Go to the line in the entries below that holds "Variables (D : data R) (r' : nat)" and repeat exactly from there through the line that holds "rewrite /gv; under", inclusive.
=-=-=-=-=
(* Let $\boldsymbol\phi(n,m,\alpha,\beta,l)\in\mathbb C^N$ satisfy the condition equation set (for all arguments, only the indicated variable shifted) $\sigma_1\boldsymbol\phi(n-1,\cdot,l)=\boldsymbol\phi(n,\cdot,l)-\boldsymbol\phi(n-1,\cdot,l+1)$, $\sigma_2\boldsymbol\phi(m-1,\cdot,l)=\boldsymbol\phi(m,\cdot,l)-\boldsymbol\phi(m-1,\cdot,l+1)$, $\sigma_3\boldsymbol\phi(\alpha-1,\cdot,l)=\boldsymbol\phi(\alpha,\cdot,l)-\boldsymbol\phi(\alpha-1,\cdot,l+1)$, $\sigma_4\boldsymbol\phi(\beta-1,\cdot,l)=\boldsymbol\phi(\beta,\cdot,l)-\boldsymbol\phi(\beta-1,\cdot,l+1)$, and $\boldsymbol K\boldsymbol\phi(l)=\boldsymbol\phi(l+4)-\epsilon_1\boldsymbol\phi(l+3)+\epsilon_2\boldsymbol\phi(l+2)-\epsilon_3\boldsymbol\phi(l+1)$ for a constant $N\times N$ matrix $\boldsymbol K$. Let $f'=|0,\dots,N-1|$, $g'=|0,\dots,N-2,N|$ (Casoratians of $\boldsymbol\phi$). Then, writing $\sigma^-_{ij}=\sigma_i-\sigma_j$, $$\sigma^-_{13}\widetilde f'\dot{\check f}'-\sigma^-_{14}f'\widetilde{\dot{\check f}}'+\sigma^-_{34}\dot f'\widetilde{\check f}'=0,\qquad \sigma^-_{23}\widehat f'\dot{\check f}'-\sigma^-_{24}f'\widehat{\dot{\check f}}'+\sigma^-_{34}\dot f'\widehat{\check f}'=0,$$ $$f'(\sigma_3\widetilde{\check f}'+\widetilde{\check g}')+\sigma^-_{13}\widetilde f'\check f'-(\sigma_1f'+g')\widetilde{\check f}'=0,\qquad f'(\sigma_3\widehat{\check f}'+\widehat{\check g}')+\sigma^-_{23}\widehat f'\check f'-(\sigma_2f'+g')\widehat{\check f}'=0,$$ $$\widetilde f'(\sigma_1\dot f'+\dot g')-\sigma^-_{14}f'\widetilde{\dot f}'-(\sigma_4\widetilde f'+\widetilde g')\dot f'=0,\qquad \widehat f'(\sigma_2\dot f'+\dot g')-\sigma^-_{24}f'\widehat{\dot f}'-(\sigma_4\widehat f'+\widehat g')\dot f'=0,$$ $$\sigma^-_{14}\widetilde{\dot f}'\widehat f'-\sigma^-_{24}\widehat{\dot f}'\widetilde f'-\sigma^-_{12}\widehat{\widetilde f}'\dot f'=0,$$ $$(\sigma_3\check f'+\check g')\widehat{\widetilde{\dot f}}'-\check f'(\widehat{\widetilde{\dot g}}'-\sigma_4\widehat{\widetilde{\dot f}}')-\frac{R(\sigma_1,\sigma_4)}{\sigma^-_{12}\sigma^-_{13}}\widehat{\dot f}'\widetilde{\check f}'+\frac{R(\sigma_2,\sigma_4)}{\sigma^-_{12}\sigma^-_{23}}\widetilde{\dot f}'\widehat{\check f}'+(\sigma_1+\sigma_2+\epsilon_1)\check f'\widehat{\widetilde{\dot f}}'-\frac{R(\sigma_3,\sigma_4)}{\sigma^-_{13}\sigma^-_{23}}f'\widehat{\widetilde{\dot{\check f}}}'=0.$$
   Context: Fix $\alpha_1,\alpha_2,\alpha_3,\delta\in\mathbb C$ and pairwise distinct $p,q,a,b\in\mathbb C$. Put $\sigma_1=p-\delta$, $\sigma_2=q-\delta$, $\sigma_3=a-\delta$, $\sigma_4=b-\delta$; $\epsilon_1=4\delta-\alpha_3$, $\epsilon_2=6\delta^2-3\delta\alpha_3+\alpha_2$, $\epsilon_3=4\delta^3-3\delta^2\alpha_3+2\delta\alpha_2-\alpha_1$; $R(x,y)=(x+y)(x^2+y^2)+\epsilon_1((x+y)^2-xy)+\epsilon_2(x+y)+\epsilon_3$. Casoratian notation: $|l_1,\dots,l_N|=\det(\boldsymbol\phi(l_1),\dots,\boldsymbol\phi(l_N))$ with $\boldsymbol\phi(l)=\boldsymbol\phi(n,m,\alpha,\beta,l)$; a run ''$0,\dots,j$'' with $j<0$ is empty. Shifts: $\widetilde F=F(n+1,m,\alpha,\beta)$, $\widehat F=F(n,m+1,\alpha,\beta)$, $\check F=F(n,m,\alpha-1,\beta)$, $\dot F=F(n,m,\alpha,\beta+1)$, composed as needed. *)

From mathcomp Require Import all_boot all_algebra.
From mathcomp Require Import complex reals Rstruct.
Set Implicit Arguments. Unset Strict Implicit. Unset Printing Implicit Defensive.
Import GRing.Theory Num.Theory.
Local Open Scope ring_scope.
=-=-=-=-=
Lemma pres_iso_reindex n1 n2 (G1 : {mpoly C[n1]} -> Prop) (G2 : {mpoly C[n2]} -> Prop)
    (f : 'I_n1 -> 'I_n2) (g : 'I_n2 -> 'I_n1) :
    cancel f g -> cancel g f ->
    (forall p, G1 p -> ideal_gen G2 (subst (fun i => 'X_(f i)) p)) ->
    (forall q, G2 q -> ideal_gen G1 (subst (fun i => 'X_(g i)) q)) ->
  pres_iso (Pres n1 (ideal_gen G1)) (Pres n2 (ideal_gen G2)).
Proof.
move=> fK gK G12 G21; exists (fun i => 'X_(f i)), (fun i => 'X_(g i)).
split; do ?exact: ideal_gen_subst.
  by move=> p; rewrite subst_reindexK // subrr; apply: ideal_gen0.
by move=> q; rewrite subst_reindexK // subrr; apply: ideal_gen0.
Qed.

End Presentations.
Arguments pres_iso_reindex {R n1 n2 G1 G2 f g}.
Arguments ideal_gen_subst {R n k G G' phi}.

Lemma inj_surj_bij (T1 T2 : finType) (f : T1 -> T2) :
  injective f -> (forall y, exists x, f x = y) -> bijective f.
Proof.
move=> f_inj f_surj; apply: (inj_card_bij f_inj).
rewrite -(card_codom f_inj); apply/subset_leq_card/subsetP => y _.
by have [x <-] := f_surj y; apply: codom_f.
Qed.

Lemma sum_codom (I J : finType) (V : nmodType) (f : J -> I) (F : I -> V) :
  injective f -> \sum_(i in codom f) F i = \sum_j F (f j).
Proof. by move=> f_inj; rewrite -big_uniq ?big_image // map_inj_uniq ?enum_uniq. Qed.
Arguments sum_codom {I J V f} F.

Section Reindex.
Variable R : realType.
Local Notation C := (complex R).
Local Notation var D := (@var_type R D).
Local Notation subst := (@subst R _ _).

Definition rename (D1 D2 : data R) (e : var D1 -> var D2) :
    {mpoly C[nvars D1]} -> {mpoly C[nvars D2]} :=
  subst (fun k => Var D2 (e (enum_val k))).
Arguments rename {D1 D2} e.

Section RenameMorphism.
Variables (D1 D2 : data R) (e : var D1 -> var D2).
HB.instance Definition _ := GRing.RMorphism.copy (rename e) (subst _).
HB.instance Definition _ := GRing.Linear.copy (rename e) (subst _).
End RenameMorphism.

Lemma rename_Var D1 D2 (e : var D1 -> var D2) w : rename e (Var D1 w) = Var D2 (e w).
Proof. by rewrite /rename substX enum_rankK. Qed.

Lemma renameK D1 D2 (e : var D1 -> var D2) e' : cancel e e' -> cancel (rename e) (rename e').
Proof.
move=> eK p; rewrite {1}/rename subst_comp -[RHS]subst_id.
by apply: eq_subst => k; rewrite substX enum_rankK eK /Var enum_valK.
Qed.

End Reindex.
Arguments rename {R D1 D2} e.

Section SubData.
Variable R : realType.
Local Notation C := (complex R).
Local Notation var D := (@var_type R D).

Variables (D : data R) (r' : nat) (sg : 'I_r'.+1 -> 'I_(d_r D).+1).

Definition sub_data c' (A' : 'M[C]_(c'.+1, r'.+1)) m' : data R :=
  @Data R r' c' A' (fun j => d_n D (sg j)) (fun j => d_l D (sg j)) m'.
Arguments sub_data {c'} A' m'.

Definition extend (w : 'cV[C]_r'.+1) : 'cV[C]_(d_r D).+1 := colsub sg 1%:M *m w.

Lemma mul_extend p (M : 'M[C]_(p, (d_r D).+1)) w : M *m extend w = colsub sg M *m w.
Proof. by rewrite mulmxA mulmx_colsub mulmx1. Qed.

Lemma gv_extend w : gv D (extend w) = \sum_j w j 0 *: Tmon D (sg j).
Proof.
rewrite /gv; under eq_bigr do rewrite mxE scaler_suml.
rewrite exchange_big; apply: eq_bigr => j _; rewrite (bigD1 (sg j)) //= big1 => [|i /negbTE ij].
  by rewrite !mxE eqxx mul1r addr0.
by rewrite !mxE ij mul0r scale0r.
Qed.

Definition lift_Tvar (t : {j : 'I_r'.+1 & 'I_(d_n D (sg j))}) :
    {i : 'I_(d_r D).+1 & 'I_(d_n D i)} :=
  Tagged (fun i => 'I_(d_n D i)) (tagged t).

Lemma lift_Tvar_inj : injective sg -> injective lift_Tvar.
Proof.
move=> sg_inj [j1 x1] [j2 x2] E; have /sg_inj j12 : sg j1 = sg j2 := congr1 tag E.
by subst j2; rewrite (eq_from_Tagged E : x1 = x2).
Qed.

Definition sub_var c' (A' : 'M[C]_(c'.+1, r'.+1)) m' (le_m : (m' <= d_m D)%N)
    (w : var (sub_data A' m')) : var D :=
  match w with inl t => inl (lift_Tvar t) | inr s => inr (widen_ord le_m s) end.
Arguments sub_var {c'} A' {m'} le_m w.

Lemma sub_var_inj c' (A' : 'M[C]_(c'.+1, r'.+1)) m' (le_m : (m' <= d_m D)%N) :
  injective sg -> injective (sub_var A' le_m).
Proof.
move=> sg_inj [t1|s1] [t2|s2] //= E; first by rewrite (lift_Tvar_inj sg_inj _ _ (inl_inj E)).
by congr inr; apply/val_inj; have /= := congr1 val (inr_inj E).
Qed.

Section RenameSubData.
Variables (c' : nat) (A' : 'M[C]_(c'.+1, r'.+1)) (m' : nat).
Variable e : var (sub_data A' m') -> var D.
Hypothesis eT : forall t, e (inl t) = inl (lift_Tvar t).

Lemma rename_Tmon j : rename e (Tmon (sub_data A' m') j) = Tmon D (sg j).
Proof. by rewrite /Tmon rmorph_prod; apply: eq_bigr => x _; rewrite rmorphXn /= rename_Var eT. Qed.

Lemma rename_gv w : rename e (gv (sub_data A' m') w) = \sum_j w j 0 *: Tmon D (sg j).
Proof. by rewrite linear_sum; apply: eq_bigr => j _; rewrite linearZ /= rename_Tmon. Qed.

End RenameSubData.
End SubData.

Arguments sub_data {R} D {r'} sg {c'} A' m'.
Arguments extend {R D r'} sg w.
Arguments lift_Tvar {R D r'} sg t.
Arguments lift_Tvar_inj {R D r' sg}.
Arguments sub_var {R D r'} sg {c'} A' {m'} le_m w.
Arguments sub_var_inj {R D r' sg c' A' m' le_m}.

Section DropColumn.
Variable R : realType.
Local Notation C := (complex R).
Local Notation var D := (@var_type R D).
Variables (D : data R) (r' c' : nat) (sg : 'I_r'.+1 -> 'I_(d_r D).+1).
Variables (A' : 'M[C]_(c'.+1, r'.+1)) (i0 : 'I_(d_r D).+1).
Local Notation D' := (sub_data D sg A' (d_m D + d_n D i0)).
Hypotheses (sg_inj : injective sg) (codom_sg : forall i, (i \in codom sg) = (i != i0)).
=-=-=-=-=
The answer =>
Variables (D : data R) (r' : nat) (sg : 'I_r'.+1 -> 'I_(d_r D).+1).

Definition sub_data c' (A' : 'M[C]_(c'.+1, r'.+1)) m' : data R :=
  @Data R r' c' A' (fun j => d_n D (sg j)) (fun j => d_l D (sg j)) m'.
Arguments sub_data {c'} A' m'.

Definition extend (w : 'cV[C]_r'.+1) : 'cV[C]_(d_r D).+1 := colsub sg 1%:M *m w.

Lemma mul_extend p (M : 'M[C]_(p, (d_r D).+1)) w : M *m extend w = colsub sg M *m w.
Proof. by rewrite mulmxA mulmx_colsub mulmx1. Qed.

Lemma gv_extend w : gv D (extend w) = \sum_j w j 0 *: Tmon D (sg j).
Proof.
rewrite /gv; under eq_bigr do rewrite mxE scaler_suml.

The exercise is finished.